Masih adakah Warga Miskin di Kabupaten Tangerang?

Hadi Hartono
By -

 

Masih Adakah Warga Miskin di Kabupaten Tangerang?

Oleh: Hadi Hartono



1. Pendahuluan


Kabupaten Tangerang dikenal sebagai wilayah satelit yang menopang pertumbuhan ekonomi Jakarta dan kawasan metropolitan Jabodetabek. Berbagai kawasan industri, permukiman, dan infrastruktur modern tumbuh pesat di sini. Namun di tengah geliat pembangunan, masih banyak warga yang belum menikmati hasil kemajuan itu secara merata. Artikel ini berangkat dari pertanyaan mendasar: apakah masih ada warga miskin di Kabupaten Tangerang pada tahun 2025?

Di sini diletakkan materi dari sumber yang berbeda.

Lemma nu_multiples_coprime N m p : (m <= p)%N -> coprime p N ->
  nu p (multiples N m) = m.
Proof.
move=> le_mp co_pN; rewrite /nu -map_comp undup_id ?size_map ?size_iota //.
rewrite map_inj_in_uniq ?iota_uniq // => a b; rewrite !mem_iota /= => ltam ltbm.
rewrite !modz_nat => -[].
wlog le_ab : a b ltam ltbm / (a <= b)%N.
  by move=> W; have [/W|/ltnW/W] := leqP a b; [apply | move=> {}W /esym/W->].
move=> eq_mod; apply/eqP; rewrite eqn_leq le_ab -subn_eq0 /=.
have : (p %| b - a)%N.
  by rewrite -(Gauss_dvdl _ co_pN) mulnBl -eqn_mod_dvd ?leq_mul2r ?le_ab ?orbT // eq_mod.
by rewrite /dvdn modn_small //; lia.
Qed.

Section LocalFactor.
Variable R : realFieldType.

Lemma bernoulli_ineq (x : R) n : -1 <= x -> 1 + n%:R * x <= (1 + x) ^+ n.
Proof.
move=> x_ge; elim: n => [|n IHn]; first by rewrite mul0r addr0.
have x1_ge0 : 0 <= 1 + x by lra.
have nx2_ge0 : 0 <= n%:R * x ^+ 2 by rewrite mulr_ge0 ?sqr_ge0.
by have := ler_wpM2l x1_ge0 IHn; rewrite exprS mulrSr; move: nx2_ge0; rewrite expr2; nra.
Qed.

(* The upper bound is Bernoulli for [-t]; the lower one comes from
   [(1 + m t) (1 - t)^m <= (1 + t)^m (1 - t)^m = (1 - t^2)^m <= 1]. *)
Lemma local_factor_bounds m (t : R) : 0 <= t < 1 -> m%:R * t < 1 ->
  let F := (1 - m%:R * t) / (1 - t) ^+ m in
  [/\ 0 < F, F <= 1 & 1 - (m%:R * t) ^+ 2 <= F].
Proof.
move=> /andP[t_ge0 t_lt1] mt_lt1 F.
have pow_gt0 : 0 < (1 - t) ^+ m by apply: exprn_gt0; lra.
have pow_le : (1 + m%:R * t) * (1 - t) ^+ m <= 1.
  apply: le_trans (_ : (1 + t) ^+ m * (1 - t) ^+ m <= 1).
    by apply: ler_wpM2r; [exact: ltW | apply: bernoulli_ineq; lra].
  by rewrite -exprMn; apply: exprn_ile1; nra.
split; rewrite /F.
- by rewrite divr_gt0 //; lra.
- by rewrite ler_pdivrMr // mul1r -mulrN; apply: bernoulli_ineq; lra.
rewrite ler_pdivlMr // -[X in _ <= X]mulr1.
have -> : 1 - (m%:R * t) ^+ 2 = (1 - m%:R * t) * (1 + m%:R * t) by ring.
by rewrite -mulrA; apply: ler_wpM2l => //; lra.
Qed.

End LocalFactor.

(* The partial products of [\prod_n (1 - m^2 / n^2)] telescope to ratios of
   these values. *)
Definition ffact_ratio (R : realFieldType) (m x : nat) : R :=
  (x ^_ m)%:R / ((x + m) ^_ m)%:R.

Section FfactRatio.
Variables (R : realFieldType) (m : nat).
Local Notation r := (ffact_ratio R m).

Lemma ffact_ratio_ge0 x : 0 <= r x.
Proof. by rewrite divr_ge0. Qed.

Lemma ffact_ratio_le1 x : r x <= 1.
Proof.
rewrite ler_pdivrMr ?ltr0n ?ffact_gt0 ?leq_addl // mul1r ler_nat !ffact_prod.
by apply: leq_prod => i _; lia.
Qed.

Lemma ffact_ratio_ge x : (2 * m <= x + 1)%N -> ((3 ^ m)%:R)^-1 <= r x.
Proof.
move=> le_2m_x.
rewrite ler_pdivlMr ?ltr0n ?ffact_gt0 ?leq_addl // ler_pdivrMl ?ltr0n ?expn_gt0 //.
rewrite -natrM ler_nat.
have -> : (3 ^ m * x ^_ m = \prod_(i < m) (3 * (x - i)))%N.
  by rewrite big_split /= prod_nat_const card_ord ffact_prod.
by rewrite ffact_prod; apply: leq_prod => i _; have := ltn_ord i; lia.
Qed.

Lemma ffact_ratioS x : (m <= x)%N -> r x = r x.+1 * (1 - (m%:R / x.+1%:R) ^+ 2).
Proof.
move=> le_mx.
have xm_gt0 : (0 : R) < (x.+1 - m)%:R by rewrite ltr0n subn_gt0 ltnS.
have b_gt0 : (0 : R) < ((x + m) ^_ m)%:R by rewrite ltr0n ffact_gt0 leq_addl.
have num : (x.+1 ^_ m)%:R = x.+1%:R * (x ^_ m)%:R / (x.+1 - m)%:R :> R.
  by rewrite -natrM -ffactSS ffactnSr natrM mulfK ?gt_eqF.
have den : ((x.+1 + m) ^_ m)%:R = (x.+1 + m)%:R * ((x + m) ^_ m)%:R / x.+1%:R :> R.
  by rewrite -natrM addSn -ffactSS ffactnSr subSn ?leq_addl // addnK natrM mulfK.
rewrite /r /ffact_ratio num den natrD natrB 1?ltnW // in xm_gt0 *; field.
by rewrite !gt_eqF //; lra.
Qed.

End FfactRatio.

Section TailProduct.
Variables (R : realFieldType) (m K : nat) (u c : nat -> R).
Hypotheses (le_mK : (m <= K)%N) (u_ge0 : forall x, 0 <= u x).
Hypothesis u_S : forall x, u x.+1 = u x * c x.+1.
Hypothesis c_ge : forall x, (K <= x)%N -> 1 - (m%:R / x.+1%:R) ^+ 2 <= c x.+1.

(* [u x * ffact_ratio m x] is nondecreasing from [K] on. *)
Lemma tail_product_ge x : (K <= x)%N -> u K * ffact_ratio R m K <= u x.
Proof.
move=> le_Kx; apply: le_trans (_ : u x * ffact_ratio R m x <= u x).
  elim: x le_Kx => [|x IHx]; first by rewrite leqn0 => /eqP->.
  rewrite leq_eqVlt ltnS => /predU1P[<- //|le_Kx]; apply: le_trans (IHx le_Kx) _.
  rewrite u_S (ffact_ratioS R m _ (leq_trans le_mK le_Kx)) -mulrA.
  by apply: ler_wpM2l => //; rewrite mulrC; apply/ler_wpM2r/c_ge/le_Kx/ffact_ratio_ge0.
by rewrite ler_piMr ?ffact_ratio_le1.
Qed.

End TailProduct.

Lemma eventually_nonincreasing_cvgn (R : realType) (u : R^nat) K :
  (forall n, 0 <= u n) -> (forall n, (K <= n)%N -> u n.+1 <= u n) -> cvgn u.
Proof.
move=> u_ge0 u_dec.
have u_noninc : nonincreasing_seq (fun n => u (n + K)%N).
  apply: (homo_leq (r := fun a b => b <= a)) => [//|? ? ? ? /le_trans->//|n].
  by rewrite addSn u_dec ?leq_addl.
have u_lb : has_lbound (range (fun n => u (n + K)%N)) by exists 0 => _ [n _ <-].
by apply: cvgP; rewrite -(cvg_shiftn K); apply: nonincreasing_cvgn.
Qed.

Definition euler_factor (R : realType) (H : seq int) (p : nat) : R :=
  if prime p then (1 - (nu p H)%:R / p%:R) * (1 - p%:R^-1) ^- size (undup H) else 1.

Lemma singular_partial0 (R : realType) H : singular_partial R H 0 = 1.
Proof. by rewrite /singular_partial big_mkcond big_ord1. Qed.

Lemma singular_partialS (R : realType) H x :
  singular_partial R H x.+1 = singular_partial R H x * euler_factor R H x.+1.
Proof. by rewrite /singular_partial big_mkcond big_ord_recr /= -big_mkcond. Qed.

Section PrimorialMultiples.
Variables (R : realType) (m : nat).
Hypothesis m_gt0 : (0 < m)%N.
Local Notation K := (nth_prime m.-1).
Local Notation u := (singular_partial R (Hset m)).
Local Notation c := (euler_factor R (Hset m)).

Lemma leq_2m_K : (2 * m <= K + 1)%N.
Proof. by have := nth_prime_ge m.-1; lia. Qed.

Lemma euler_factor_small p : prime p -> (p <= K)%N ->
  c p = ((1 - p%:R^-1) ^+ m.-1)^-1.
Proof.
move=> p_pr le_pK; have p_gt1 := prime_gt1 p_pr.
have t_neq0 : 1 - p%:R^-1 != 0 :> R.
  by rewrite subr_eq0 eq_sym invr_eq1 pnatr_eq1; case: (p) p_gt1 => [|[]].
rewrite /euler_factor p_pr Hset_multiples nu_multiples_dvd ?prime_dvd_primorial //.
rewrite size_undup_multiples ?primorial_gt0 //.
by case: (m) m_gt0 => // m' _; rewrite exprS invfM mulrA mul1r mulfV ?mul1r.
Qed.

Lemma euler_factor_ge1 p : (p <= K)%N -> 1 <= c p.
Proof.
move=> le_pK; case p_pr: (prime p); last by rewrite /euler_factor p_pr.
have p_gt1 : (1 < p%:R :> R) by rewrite ltr1n prime_gt1.
have t_gt0 : 0 < 1 - p%:R^-1 :> R by rewrite subr_gt0 invf_lt1 // (lt_trans ltr01).
rewrite euler_factor_small // invf_ge1 ?exprn_gt0 // exprn_ile1 ?ltW //.
by rewrite ltrBlDr ltrDl invr_gt0 (lt_trans ltr01).
Qed.

Lemma euler_factor_large p : (K < p)%N ->
  [/\ 0 < c p, c p <= 1 & 1 - (m%:R / p%:R) ^+ 2 <= c p].
Proof.
move=> lt_Kp; case p_pr: (prime p); last first.
  by rewrite /euler_factor p_pr lerBlDr lerDl sqr_ge0 ltr01.
have lt_mp : (m < p)%N by have := leq_2m_K; lia.
have co_p : coprime p (primorial m).
  by rewrite prime_coprime // prime_dvd_primorial // -ltnNge.
rewrite /euler_factor p_pr Hset_multiples nu_multiples_coprime ?(ltnW lt_mp) //.
rewrite size_undup_multiples ?primorial_gt0 //.
apply: local_factor_bounds.
- by rewrite invr_ge0 ler0n invf_lt1 ?ltr1n ?ltr0n; lia.
- by rewrite -/(_ / _) ltr_pdivrMr ?ltr0n ?mul1r ?ltr_nat; lia.
Qed.

Lemma euler_factor_gt0 p : 0 < c p.
Proof.
have [le_pK|lt_Kp] := leqP p K; last by case: (euler_factor_large _ lt_Kp).
exact: lt_le_trans ltr01 (euler_factor_ge1 _ le_pK).
Qed.

Lemma singular_partial_gt0 x : 0 < u x.
Proof.
elim: x => [|x IHx]; first by rewrite singular_partial0.
by rewrite singular_partialS mulr_gt0 ?euler_factor_gt0.
Qed.

Lemma cvg_singular_partial_primorial : cvgn u.
Proof.
apply: (@eventually_nonincreasing_cvgn _ _ K) => [n|n le_Kn].
  exact/ltW/singular_partial_gt0.
rewrite singular_partialS ler_piMr ?(ltW (singular_partial_gt0 n)) //.
by case: (euler_factor_large _ (leq_ltn_trans le_Kn (ltnSn n))).
Qed.

Lemma singular_series_primorial_ge_ratio : u K * ffact_ratio R m K <= singular_series R (Hset m).
Proof.
apply: limr_ge cvg_singular_partial_primorial _.
near=> x; apply: (@tail_product_ge _ m K _ c) => //.
- by have := leq_2m_K; lia.
- by move=> n; apply/ltW/singular_partial_gt0.
- exact: singular_partialS.
- by move=> n le_Kn; case: (euler_factor_large _ (leq_ltn_trans le_Kn (ltnSn n))).
by near: x; apply: nbhs_infty_ge.
Unshelve. all: by end_near.
Qed.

Uraian ini tidak hanya akan menjawab pertanyaan tersebut, tetapi juga mengupas dinamika sosial, ekonomi, kebijakan, hingga studi kasus nyata yang mencerminkan wajah kemiskinan di balik gedung-gedung dan jalan tol yang membentang di Tangerang.






2. Gambaran Umum Kabupaten Tangerang


Kabupaten Tangerang merupakan bagian dari Provinsi Banten dengan luas wilayah ±959 km² dan jumlah penduduk sekitar 3,4 juta jiwa (BPS, 2025). Wilayah ini terbagi menjadi 29 kecamatan, dengan sebaran ekonomi yang timpang antara kawasan industri dan daerah pinggiran. Kabupaten Tangerang mencakup area urban seperti Cikupa, Curug, dan Balaraja yang cukup maju, serta daerah agraris seperti Gunung Kaler dan Mekar Baru yang masih minim infrastruktur.


Pentingnya memahami geografi dan karakter demografis Kabupaten Tangerang menjadi dasar penting untuk memetakan masalah kemiskinan secara lebih komprehensif.



3. Definisi Kemiskinan: Perspektif BPS dan Sosial

BPS mendefinisikan kemiskinan sebagai ketidakmampuan individu dalam memenuhi kebutuhan dasar, seperti pangan, sandang, perumahan, pendidikan, dan kesehatan. Namun, secara sosial, kemiskinan juga dipandang sebagai keterbatasan akses terhadap kesempatan kerja yang layak, partisipasi sosial, hingga keterwakilan dalam proses politik dan pembangunan.


Terdapat pula istilah kemiskinan ekstrem, yakni kondisi di mana pendapatan per kapita individu berada di bawah 1,9 dolar AS per hari (menurut standar Bank Dunia). Dalam konteks Tangerang, hal ini masih terjadi di kantong-kantong tertentu.



4. Profil Kemiskinan Kabupaten Tangerang 2025 

Menurut data Statistik Kesejahteraan Rakyat 2024, jumlah penduduk miskin di Kabupaten Tangerang tercatat sebesar 276.330 jiwa, atau 8,2% dari total populasi. Garis kemiskinan tahun 2024 mencapai Rp597.000 per kapita per bulan.


Walau angka ini menurun dibanding 2022 (8,5%), penurunan tidak terjadi merata. Kesenjangan antara kawasan industri dengan wilayah pesisir atau pertanian masih tinggi.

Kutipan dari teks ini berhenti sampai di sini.